The response must contain every line from the records below that has "contraL".

INFORMATION SHOWN:
┌────────

(* Let $G$ be a graph of order $n$ with no isolated vertices. Then $\gamma_{\rm gr}^t(G)=n$ if and only if there is an integer $k$ with $n=2k$ such that the vertices of $G$ can be labeled $x_1,\ldots,x_k,y_1,\ldots,y_k$ so that: (i) $x_i$ is adjacent to $y_i$ for each $i\in\{1,\ldots,k\}$; (ii) $\{x_1,\ldots,x_k\}$ is an independent set; and (iii) whenever $y_j$ is adjacent to $x_i$, we have $i \ge j$.
   Context: All graphs are finite, simple, without isolated vertices. $N(v)$ denotes the open neighborhood of $v$. A sequence $S=(v_1,\ldots,v_k)$ of distinct vertices of $G$ is a legal (open neighborhood) sequence if $N(v_i)\setminus \bigcup_{j=1}^{i-1} N(v_j)\neq\emptyset$ for every $i\in\{2,\ldots,k\}$. It is a total dominating sequence if moreover the set $\{v_1,\ldots,v_k\}$ is a total dominating set of $G$ (every vertex has a neighbor in it). The Grundy total domination number $\gamma_{\rm gr}^t(G)$ is the maximum length of a total dominating sequence of $G$. *)

From mathcomp Require Import all_boot.
Set Implicit Arguments. Unset Strict Implicit. Unset Printing Implicit Defensive.

Definition simple_graph (T : finType) (e : rel T) : Prop :=
  symmetric e /\ irreflexive e.

Definition no_isolated (T : finType) (e : rel T) : Prop :=
  forall v : T, exists u, e v u.

Definition nbhd (T : finType) (e : rel T) (v : T) : {set T} := [set u | e v u].

Definition legal_seq (T : finType) (e : rel T) (s : seq T) : Prop :=
  uniq s /\
  forall (p q : seq T) (v : T), s = p ++ v :: q -> p != [::] ->
    ~~ (nbhd e v \subset \bigcup_(w <- p) nbhd e w).

Definition total_dominating (T : finType) (e : rel T) (S : pred T) : Prop :=
  forall v : T, exists2 u, u \in S & e v u.

Definition total_dominating_seq (T : finType) (e : rel T) (s : seq T) : Prop :=
  legal_seq e s /\ total_dominating e (mem s).

(* g is the Grundy total domination number: the maximum length of a total
   dominating sequence (such sequences exist when there are no isolated vertices). *)
Definition is_grundy_total (T : finType) (e : rel T) (g : nat) : Prop :=
  (exists s, total_dominating_seq e s /\ size s = g) /\
  (forall s, total_dominating_seq e s -> size s <= g).

From mathcomp Require Import all_boot zify.
Set Implicit Arguments. Unset Strict Implicit. Unset Printing Implicit Defensive.

(* A total dominating sequence of length n = |V| lists every vertex, so each
   vertex u has a neighbour h u occurring first in it.  Legality makes h onto:
   a vertex v is h u for any private neighbour u of v.  Hence h is a
   permutation, and as u is a neighbour of h u, pos (h (h u)) <= pos u; summing
   over all u forces equality, so h is a perfect matching.  Naming y the later
   and x the earlier vertex of each pair, with the y's in decreasing order of
   position, gives the labeling.  Conversely x_1, ..., x_k, y_k, ..., y_1 is a
   legal sequence: y_i is a private neighbour of x_i and x_i one of y_i. *)

Lemma fin_surj_inj (T : finType) (f : T -> T) :
  (forall y, exists x, f x = y) -> injective f.
Proof.
move=> f_surj; apply/injectiveP/card_uniqP; rewrite size_map.
apply: eq_cardT => y; have [x <-] := f_surj y.
by rewrite map_f ?mem_enum.
Qed.

Lemma inj_leq_eq (T : finType) (g : T -> T) (f : T -> nat) :
  injective g -> (forall u, f (g u) <= f u) -> forall u, f (g u) = f u.
Proof.
move=> g_inj le_fg u; apply/eqP; rewrite eqn_leq le_fg /=.
have sum_eq : \sum_v f (g v) = \sum_v f v by rewrite [RHS](reindex_inj g_inj).
have : \sum_v (f v - f (g v)) == 0 by rewrite sumnB // sum_eq subnn.
by rewrite sum_nat_eq0 => /forallP/(_ u); rewrite subn_eq0.
Qed.

Lemma card_involution_split (T : finType) (h : T -> T) (Y : {pred T}) :
  involutive h -> (forall u, (h u \in Y) = (u \notin Y)) -> #|T| = 2 * #|Y|.
Proof.
move=> hK hY; rewrite -(cardC Y) mul2n -addnn; congr (_ + _).
rewrite -(card_image (can_inj hK) Y); apply: eq_card => u; rewrite inE.
apply/idP/imageP => [uY | [v vY ->]]; last by rewrite -hY hK.
by exists (h u); rewrite ?hK // hY.
Qed.

Lemma exists_enum_decreasing (T : finType) (Y : {pred T}) (f : T -> nat) :
  injective f ->
  exists y : 'I_#|Y| -> T,
    [/\ injective y, forall i, y i \in Y, forall v, v \in Y -> exists i, v = y i
      & forall i j : 'I_#|Y|, i < j -> f (y j) < f (y i)].
Proof.
move=> f_inj; pose ge_f a b := f b <= f a.
pose ys := sort ge_f (enum Y).
have size_ys : size ys = #|Y| by rewrite size_sort cardE.
have mem_ys v : (v \in ys) = (v \in Y) by rewrite mem_sort mem_enum.
have ys_uniq : uniq ys by rewrite sort_uniq enum_uniq.
have ys_sorted : sorted ge_f ys by apply: sort_sorted => a b; apply: leq_total.
have lt_size (i : 'I_#|Y|) : i < size ys by rewrite size_ys.
pose y (i : 'I_#|Y|) := nth (enum_val i) ys i.
have y_nth x0 i : y i = nth x0 ys i by apply: set_nth_default.
have y_inj : injective y.
  move=> i j; rewrite (y_nth (enum_val i) i) (y_nth (enum_val i) j) => /eqP.
  by rewrite nth_uniq // => /eqP/val_inj.
exists y; split=> // [i | v vY | i j lt_ij].
- by rewrite -mem_ys mem_nth.
- have lt_v : index v ys < #|Y| by rewrite -size_ys index_mem mem_ys.
  by exists (Ordinal lt_v); rewrite (y_nth v) nth_index ?mem_ys.
have ge_trans : transitive ge_f.
  by move=> b a c le_ba le_cb; apply: leq_trans le_cb le_ba.
have := sorted_ltn_nth ge_trans (y i) ys_sorted i j (lt_size i) (lt_size j) lt_ij.
rewrite /ge_f -!y_nth leq_eqVlt => /predU1P [/f_inj/y_inj eq_ji | //].
by rewrite eq_ji ltnn in lt_ij.
Qed.

Lemma legal_seqP (T : finType) (e : rel T) (s : seq T) :
  legal_seq e s <->
  uniq s /\ forall v, v \in s -> 0 < index v s ->
    exists2 u, e v u & forall w, index w s < index v s -> ~~ e w u.
Proof.
split=> [[s_uniq legal] | [s_uniq private]]; split=> //.
  move=> v vs pos_v; set i := index v s.
  have s_split : s = take i s ++ v :: drop i.+1 s.
    by rewrite -[in v :: _](nth_index v vs) -drop_nth ?index_mem // cat_take_drop.
  have p_nil : take i s != [::] by rewrite -size_eq0 size_take index_mem vs -lt0n.
  case/subsetPn: (legal _ _ _ s_split p_nil) => u; rewrite inE => evu u_out.
  exists u => // w lt_wv; apply: contra u_out => ewu.
  rewrite bigcup_seq; apply/bigcupP; exists w; last by rewrite inE.
  by rewrite in_take_leq ?index_size.
move=> p q v s_split p_nil.
have v_notin_p : v \notin p.
  by move: s_uniq; rewrite s_split cat_uniq /= => /and3P [_ /norP []].
have index_v : index v s = size p.
  by rewrite s_split index_cat (negbTE v_notin_p) /= eqxx addn0.
have vs : v \in s by rewrite s_split mem_cat mem_head orbT.
have [|u evu priv_u] := private v vs; first by rewrite index_v lt0n size_eq0.
apply/subsetPn; exists u; first by rewrite inE.
rewrite bigcup_seq; apply/bigcupP => -[w wp]; rewrite inE; apply/negP/priv_u.
by rewrite index_v s_split index_cat wp index_mem.
Qed.

Section FirstNeighbour.

Variables (T : finType) (e : rel T) (s : seq T).
Hypotheses (e_sym : symmetric e) (e_noiso : no_isolated e).
Hypotheses (s_uniq : uniq s) (s_full : forall u, u \in s).

Definition first_nbr u := nth u s (find (e u) s).

Lemma has_nbr u : has (e u) s.
Proof. by have [b eub] := e_noiso u; apply/hasP; exists b. Qed.

Lemma first_nbr_adj u : e u (first_nbr u).
Proof. exact/nth_find/has_nbr. Qed.

Lemma first_nbr_min u b : e u b -> index (first_nbr u) s <= index b s.
Proof.
move=> eub; rewrite /first_nbr index_uniq -?has_find ?has_nbr // leqNgt.
by apply/negP => /(before_find b); rewrite nth_index ?eub.
Qed.

Hypothesis s_legal : legal_seq e s.

Lemma first_nbr_surj v : exists u, first_nbr u = v.
Proof.
have [u evu priv_u] : exists2 u, e v u & forall w, index w s < index v s -> ~~ e w u.
  have [-> | pos_v] := posnP (index v s); first by have [u] := e_noiso v; exists u.
  by have [_] := (legal_seqP e s).1 s_legal; apply.
exists u; apply: index_inj => //; apply/eqP; rewrite eqn_leq first_nbr_min 1?e_sym //=.
by rewrite leqNgt; apply: contraL (first_nbr_adj u) => /priv_u; rewrite e_sym.
Qed.

Lemma first_nbrK : involutive first_nbr.
Proof.
have first_nbr_inj := fin_surj_inj first_nbr_surj.
have first_nbr2_min u : index (first_nbr (first_nbr u)) s <= index u s.
  by apply: first_nbr_min; rewrite e_sym first_nbr_adj.
move=> u; apply: index_inj => //.
exact: (inj_leq_eq (inj_comp first_nbr_inj first_nbr_inj) first_nbr2_min).
Qed.

End FirstNeighbour.

Definition total_grundy_labeling (T : finType) (e : rel T) (k : nat)
    (x y : 'I_k -> T) : Prop :=
  #|T| = (2 * k)%N /\
  injective x /\ injective y /\
  (forall i j, x i != y j) /\
  (forall v : T, exists i, v = x i \/ v = y i) /\
  (forall i, e (x i) (y i)) /\
  (forall i j, ~~ e (x i) (x j)) /\
  (forall i j : 'I_k, e (y j) (x i) -> (j <= i)%N).

Section OrderedMatching.

Variables (T : finType) (e : rel T) (pos : T -> nat) (h : T -> T).
Hypotheses (e_sym : symmetric e) (e_irr : irreflexive e) (pos_inj : injective pos).
Hypotheses (hK : involutive h) (h_adj : forall u, e u (h u)).
Hypothesis h_min : forall u b, e u b -> pos (h u) <= pos b.

Lemma labeling_of_ordered_matching :
  exists k (x y : 'I_k -> T), total_grundy_labeling e x y.
Proof.
pose Y := [pred u | pos (h u) < pos u].
have hY u : (h u \in Y) = (u \notin Y).
  have : pos (h u) != pos u by apply: contraTneq (h_adj u) => /pos_inj ->; rewrite e_irr.
  by rewrite !inE hK -leqNgt ltn_neqAle eq_sym => ->.
have [y [y_inj yY Y_y y_decr]] := exists_enum_decreasing Y pos_inj.
exists #|Y|, (h \o y), y; split; first exact: card_involution_split hK hY.
split; first exact: inj_comp (can_inj hK) y_inj.
do 2 split=> //.
  by move=> i j /=; apply/eqP => hyi; have := yY j; rewrite -hyi hY yY.
split.
  move=> v; case vY : (v \in Y); first by have [i ->] := Y_y v vY; exists i; right.
  have [|i hv] := Y_y (h v); first by rewrite hY vY.
  by exists i; left; rewrite /= -hv hK.
split; first by move=> i; rewrite /= e_sym.
split.
  move=> i j /=; apply/negP => exx.
  have := h_min exx; rewrite e_sym in exx; have := h_min exx; rewrite !hK.
  by have := yY i; have := yY j; rewrite !inE; lia.
move=> i j /=; rewrite e_sym => /h_min; rewrite hK => le_ij.
by rewrite leqNgt; apply: contraL le_ij => /y_decr; rewrite -ltnNge.
Qed.

End OrderedMatching.

Lemma labeling_of_full_tds (T : finType) (e : rel T) (s : seq T) :
  simple_graph e -> no_isolated e -> total_dominating_seq e s -> size s = #|T| ->
  exists k (x y : 'I_k -> T), total_grundy_labeling e x y.
Proof.
move=> [e_sym e_irr] e_noiso [s_legal _] size_s; have [s_uniq _] := s_legal.
have s_T : s =i T.
  by apply/subset_cardP; [rewrite (card_uniqP s_uniq) | apply/subsetP].
have s_full u : u \in s by rewrite s_T.
apply: (@labeling_of_ordered_matching _ _ (index^~ s) (first_nbr e s)) => //.
- by move=> u v; apply: index_inj (s_full u) (s_full v).
- exact: first_nbrK e_sym e_noiso s_uniq s_full s_legal.
- exact: first_nbr_adj e_noiso s_full.
- exact: first_nbr_min e_noiso s_uniq s_full.
Qed.

Lemma grundy_total_of_labeling (T : finType) (e : rel T) (k : nat) (x y : 'I_k -> T) :
  symmetric e -> no_isolated e -> total_grundy_labeling e x y ->
  is_grundy_total e #|T|.
Proof.
move=> e_sym e_noiso [card_T [x_inj [y_inj [x_neq_y [cover [e_xy [x_indep y_x]]]]]]].
pose s := map x (enum 'I_k) ++ map (y \o @rev_ord k) (enum 'I_k).
have index_x i : index (x i) s = i.
  by rewrite index_cat map_f ?mem_enum // (index_map x_inj) index_enum_ord.
have index_y i : index (y i) s = k + (k - i.+1).
  have y_notin_x : y i \in map x (enum 'I_k) = false.
    by apply/mapP => -[j _ /esym/eqP]; rewrite (negbTE (x_neq_y j i)).
  rewrite index_cat y_notin_x size_map size_enum_ord.
  have -> : y i = (y \o @rev_ord k) (rev_ord i) by rewrite /= rev_ordK.
  by rewrite index_map ?index_enum_ord //; apply: inj_comp y_inj rev_ord_inj.
have s_full u : u \in s.
  have [i [-> | ->]] := cover u; rewrite mem_cat; first by rewrite map_f ?mem_enum.
  by apply/orP; right; apply/mapP; exists (rev_ord i); rewrite ?mem_enum //= rev_ordK.
have size_s : size s = #|T|.
  by rewrite size_cat !size_map -enumT size_enum_ord card_T; lia.
have s_uniq : uniq s.
  by apply/card_uniqP; rewrite size_s cardT; apply: eq_cardT.
have s_legal : legal_seq e s.
  apply/legal_seqP; split=> // v _ _; have [i [-> | ->]] := cover v.
    exists (y i) => [|w]; first exact: e_xy.
    rewrite index_x.
    have [j [-> | ->]] := cover w; rewrite ?index_x ?index_y => lt_wi.
      by apply: contraL lt_wi; rewrite e_sym => /y_x; rewrite -leqNgt.
    by have := ltn_ord i; lia.
  exists (x i); first by rewrite e_sym.
  move=> w; rewrite index_y; have [j [-> | ->]] := cover w.
    by rewrite x_indep.
  rewrite index_y => lt_wi.
  by apply/negP => /y_x; have := ltn_ord i; have := ltn_ord j; lia.
split; last by move=> t [[t_uniq _] _]; rewrite -(card_uniqP t_uniq) max_card.
exists s; split=> //; split=> // v.
by have [u evu] := e_noiso v; exists u.
Qed.

Theorem mainTheorem5 (T : finType) (e : rel T) :
  simple_graph e -> no_isolated e ->
  (is_grundy_total e #|T| <->
   exists (k : nat) (x y : 'I_k -> T),
     #|T| = (2 * k)%N /\
     injective x /\ injective y /\
     (forall i j, x i != y j) /\
     (forall v : T, exists i, v = x i \/ v = y i) /\
     (forall i, e (x i) (y i)) /\
     (forall i j, ~~ e (x i) (x j)) /\
     (forall i j : 'I_k, e (y j) (x i) -> (j <= i)%N)).
Proof.
move=> e_simple e_noiso; split=> [[[s [s_tds size_s]] _] | [k [x [y labeling]]]].
  exact: labeling_of_full_tds e_simple e_noiso s_tds size_s.
exact: grundy_total_of_labeling e_simple.1 e_noiso labeling.
Qed.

└────────

WORKED SOLUTION:
by rewrite leqNgt; apply: contraL (first_nbr_adj u) => /priv_u; rewrite e_sym.
by rewrite leqNgt; apply: contraL le_ij => /y_decr; rewrite -ltnNge.
      by apply: contraL lt_wi; rewrite e_sym => /y_x; rewrite -leqNgt.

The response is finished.